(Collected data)
####
(* Let $G=\mathbb{Z}_2\times\mathbb{Z}_4$, let $\theta$ be a normalised orthomorphism of $G$, let $x\in A_{22}$ and let $a\in A_{44}\setminus\theta(A_{44})$. Then $\theta(a)=ax$ and $\theta(ax)=ax\theta(x)$; moreover $A_{44}=\{a,ax\}$, $\theta(A_{44})=\{ax,\ ax\theta(x)\}$ and $A_{42}=\{ax\theta(x),\ a\theta(x)\}$.
   Context: $G$ is written multiplicatively with identity $e$; $o(g)$ is the order of $g$. A normalised orthomorphism of $G$ is a bijection $\theta\colon G\to G$ with $\theta(e)=e$ such that $x\mapsto x^{-1}\theta(x)$ is also a bijection of $G$. For such $\theta$: $A_{44}=\{x: o(x)=4, o(\theta(x))=4\}$, $A_{42}=\{x: o(x)=4, o(\theta(x))=2\}$, $A_{24}=\{x: o(x)=2, o(\theta(x))=4\}$, $A_{22}=\{x: o(x)=2, o(\theta(x))=2\}$; $\theta(S)$ denotes the image of a set $S$. *)

From mathcomp Require Import all_boot all_fingroup all_algebra.
Set Implicit Arguments. Unset Strict Implicit. Unset Printing Implicit Defensive.

(* G = Z_2 x Z_4, as the external direct product of the (additive, viewed as
   finGroupType) cyclic groups 'Z_2 and 'Z_4; group law written multiplicatively. *)
Definition G : finGroupType := ('Z_2 * 'Z_4)%type.

Local Open Scope group_scope.

Definition normalised_orthomorphism (theta : G -> G) : Prop :=
  [/\ bijective theta, theta 1 = 1 & bijective (fun x => x^-1 * theta x)].

Definition Aij (i j : nat) (theta : G -> G) : {set G} :=
  [set x : G | (#[x] == i) && (#[theta x] == j)].

Definition A44 := Aij 4 4.
Definition A42 := Aij 4 2.
Definition A24 := Aij 2 4.
Definition A22 := Aij 2 2.

(* The statement concerns only the 8-element group G, so it is decided by
   exhausting the normalised orthomorphisms of G.  These are enumerated by
   building their graphs one point at a time and pruning every partial graph
   that is already not injective, or whose difference map x^-1 theta(x) is not
   injective.  Only 48 graphs survive, and the conclusion is checked on each
   of them by evaluation. *)
From mathcomp Require Import all_boot all_fingroup all_algebra.
From mathcomp Require Import cyclic.
From Stdlib Require Import FunctionalExtensionality.

Set Implicit Arguments.
Unset Strict Implicit.
Unset Printing Implicit Defensive.

Local Open Scope group_scope.

Definition ord4 (gT : finGroupType) (g : gT) : nat :=
  if g == 1 then 1%N else if g ^+ 2 == 1 then 2%N else 4%N.

Lemma order_expg4 (gT : finGroupType) (g : gT) : g ^+ 4 = 1 -> #[g] = ord4 g.
Proof.
move=> g4; have o_dvd4 : #[g] %| 4 by rewrite order_dvdn g4.
rewrite /ord4 -order_eq1 -order_dvdn.
by move: (order_gt0 g) o_dvd4; case: #[g] => [|[|[|[|[|n]]]]].
Qed.

Section OrthomorphismGraphs.

Variables (gT : finGroupType) (s : seq gT).

Definition partial_orthomorphism (p : seq (gT * gT)) : bool :=
  [&& uniq (unzip2 p), uniq [seq q.1^-1 * q.2 | q <- p]
    & all (fun q => (q.1 == 1) ==> (q.2 == 1)) p].

Definition extend_graphs (S : seq (seq (gT * gT))) (g : gT) :=
  [seq rcons p (g, y) | p <- S,
     y <- [seq y <- s | partial_orthomorphism (rcons p (g, y))]].

Definition orthomorphism_graphs : seq (seq (gT * gT)) :=
  foldl extend_graphs [:: [::]] s.

Definition graph_fun (p : seq (gT * gT)) (g : gT) : gT :=
  nth 1 (unzip2 p) (index g (unzip1 p)).

Definition graph (f : gT -> gT) (r : seq gT) := [seq (g, f g) | g <- r].

Lemma graph_funE f r : {in r, graph_fun (graph f r) =1 f}.
Proof.
move=> g r_g; rewrite /graph_fun /unzip1 /unzip2 -!map_comp map_id.
by rewrite (nth_map g) ?nth_index ?index_mem.
Qed.

Hypothesis mem_s : forall g, g \in s.

Variable f : gT -> gT.
Hypotheses (f_inj : injective f) (f_diff_inj : injective (fun g => g^-1 * f g)).
Hypothesis f1 : f 1 = 1.

Lemma partial_orthomorphism_graph r : uniq r -> partial_orthomorphism (graph f r).
Proof.
move=> r_uniq; rewrite /partial_orthomorphism /unzip2 /graph -!map_comp.
rewrite !map_inj_uniq //= r_uniq; apply/allP => _ /mapP[g _ ->] /=.
by apply/implyP => /eqP->; rewrite f1.
Qed.

Lemma graph_mem_extend_graphs r : forall S r0, graph f r0 \in S -> uniq (r0 ++ r) ->
  graph f (r0 ++ r) \in foldl extend_graphs S r.
Proof.
elim: r => [|g r IHr] S r0 S_r0 uniq_r; first by rewrite cats0.
rewrite -cat_rcons /=; apply: IHr; last by rewrite cat_rcons.
apply/allpairsPdep; exists (graph f r0), (f g); split => //.
  rewrite mem_filter mem_s andbT -map_rcons partial_orthomorphism_graph //.
  by move: uniq_r; rewrite -cat_rcons cat_uniq => /andP[].
by rewrite /graph map_rcons.
Qed.

Lemma orthomorphism_graphsP :
  uniq s -> exists2 p, p \in orthomorphism_graphs & graph_fun p = f.
Proof.
move=> uniq_s; exists (graph f s).
  by apply: (@graph_mem_extend_graphs s _ [::]); rewrite ?mem_seq1.
by apply: functional_extensionality => g; rewrite graph_funE.
Qed.

End OrthomorphismGraphs.

(* Elements are listed as [i%:R] rather than through [enum G], which does not
   reduce under [vm_compute]. *)
Definition G_elems : seq G :=
  [seq ((i%:R)%R : 'Z_2, (j%:R)%R : 'Z_4) | i <- iota 0 2, j <- iota 0 4].

Lemma mem_G_elems (g : G) : g \in G_elems.
Proof.
case: g => u v; rewrite -[u]natr_Zp -[v]natr_Zp.
apply/allpairsP; exists (nat_of_ord u, nat_of_ord v).
by rewrite !mem_iota !ltn_ord.
Qed.

Lemma uniq_G_elems : uniq G_elems.
Proof. by vm_compute. Qed.

Lemma expg4_G (g : G) : g ^+ 4 = 1.
Proof.
have: all (fun g : G => g ^+ 4 == 1) G_elems by vm_compute.
by move/allP/(_ g (mem_G_elems g))/eqP.
Qed.

Definition A_seq (i j : nat) (f : G -> G) : seq G :=
  [seq g <- G_elems | (ord4 g == i) && (ord4 (f g) == j)].

Definition same_elems (r t : seq G) : bool :=
  all (fun g => (g \in r) == (g \in t)) G_elems.

Definition proposition1_check (f : G -> G) : bool :=
  all (fun x => all (fun a =>
    [&& x \in A_seq 2 2 f, a \in A_seq 4 4 f & a \notin map f (A_seq 4 4 f)] ==>
    [&& f a == a * x, f (a * x) == a * x * f x,
        same_elems (A_seq 4 4 f) [:: a; a * x],
        same_elems (map f (A_seq 4 4 f)) [:: a * x; a * x * f x]
      & same_elems (A_seq 4 2 f) [:: a * x * f x; a * f x]]) G_elems) G_elems.

Lemma proposition1_check_graphs :
  all (fun p => proposition1_check (graph_fun p)) (orthomorphism_graphs G_elems).
Proof. by vm_compute. Qed.

Lemma Aij_seq i j f : Aij i j f =i A_seq i j f.
Proof. by move=> g; rewrite inE mem_filter mem_G_elems andbT !order_expg4 ?expg4_G. Qed.

Lemma imset_Aij_seq i j f : f @: Aij i j f =i map f (A_seq i j f).
Proof.
move=> g; apply/imsetP/mapP => -[h h_in ->]; exists h => //.
  by rewrite -Aij_seq.
by rewrite Aij_seq.
Qed.

Lemma same_elems_setP (A B : {set G}) r t :
  A =i r -> B =i t -> same_elems r t -> A = B.
Proof.
move=> Ar Bt /allP same; apply/setP => g; rewrite Ar Bt.
exact/eqP/same/mem_G_elems.
Qed.

Lemma proposition1_checkP f x a :
  proposition1_check f -> x \in A22 f -> a \in A44 f :\: f @: A44 f ->
  [/\ f a = a * x, f (a * x) = a * x * f x,
      A44 f = [set a; a * x], f @: A44 f = [set a * x; a * x * f x]
    & A42 f = [set a * x * f x; a * f x]].
Proof.
move=> /allP/(_ x (mem_G_elems x))/allP/(_ a (mem_G_elems a))/implyP check.
rewrite /A22 /A44 Aij_seq in_setD imset_Aij_seq Aij_seq => x_in /andP[a_out a_in].
move: check; rewrite x_in a_in a_out => /(_ isT).
case/and5P=> /eqP fa /eqP fax A44E imA44E A42E.
have pair_seq2 (u v : G) : [set u; v] =i [:: u; v] by move=> g; rewrite !inE.
split=> //.
- exact: same_elems_setP (Aij_seq _ _ _) (pair_seq2 _ _) A44E.
- exact: same_elems_setP (imset_Aij_seq _ _ _) (pair_seq2 _ _) imA44E.
- exact: same_elems_setP (Aij_seq _ _ _) (pair_seq2 _ _) A42E.
Qed.

Theorem proposition1 (theta : G -> G) (x a : G) :
  normalised_orthomorphism theta ->
  x \in A22 theta ->
  a \in A44 theta :\: theta @: A44 theta ->
  [/\ theta a = a * x,
      theta (a * x) = a * x * theta x,
      A44 theta = [set a; a * x],
      theta @: A44 theta = [set a * x; a * x * theta x]
    & A42 theta = [set a * x * theta x; a * theta x]].
Proof.
case=> /bij_inj theta_inj theta1 /bij_inj diff_inj.
have [p p_graph <-] :=
  orthomorphism_graphsP mem_G_elems theta_inj diff_inj theta1 uniq_G_elems.
exact: proposition1_checkP (allP proposition1_check_graphs p p_graph).
Qed.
####
**What is required**
Your answer should consist solely of the lines above from the line with "Lemma mem_G_elems (g : G) : g \in G_elems." to the line with "Lemma expg4_G (g : G) : g ^+ 4 = 1.", both included, reproduced exactly.

**Written response**
Lemma mem_G_elems (g : G) : g \in G_elems.
Proof.
case: g => u v; rewrite -[u]natr_Zp -[v]natr_Zp.
apply/allpairsP; exists (nat_of_ord u, nat_of_ord v).
by rewrite !mem_iota !ltn_ord.
Qed.

Lemma uniq_G_elems : uniq G_elems.
Proof. by vm_compute. Qed.

Lemma expg4_G (g : G) : g ^+ 4 = 1.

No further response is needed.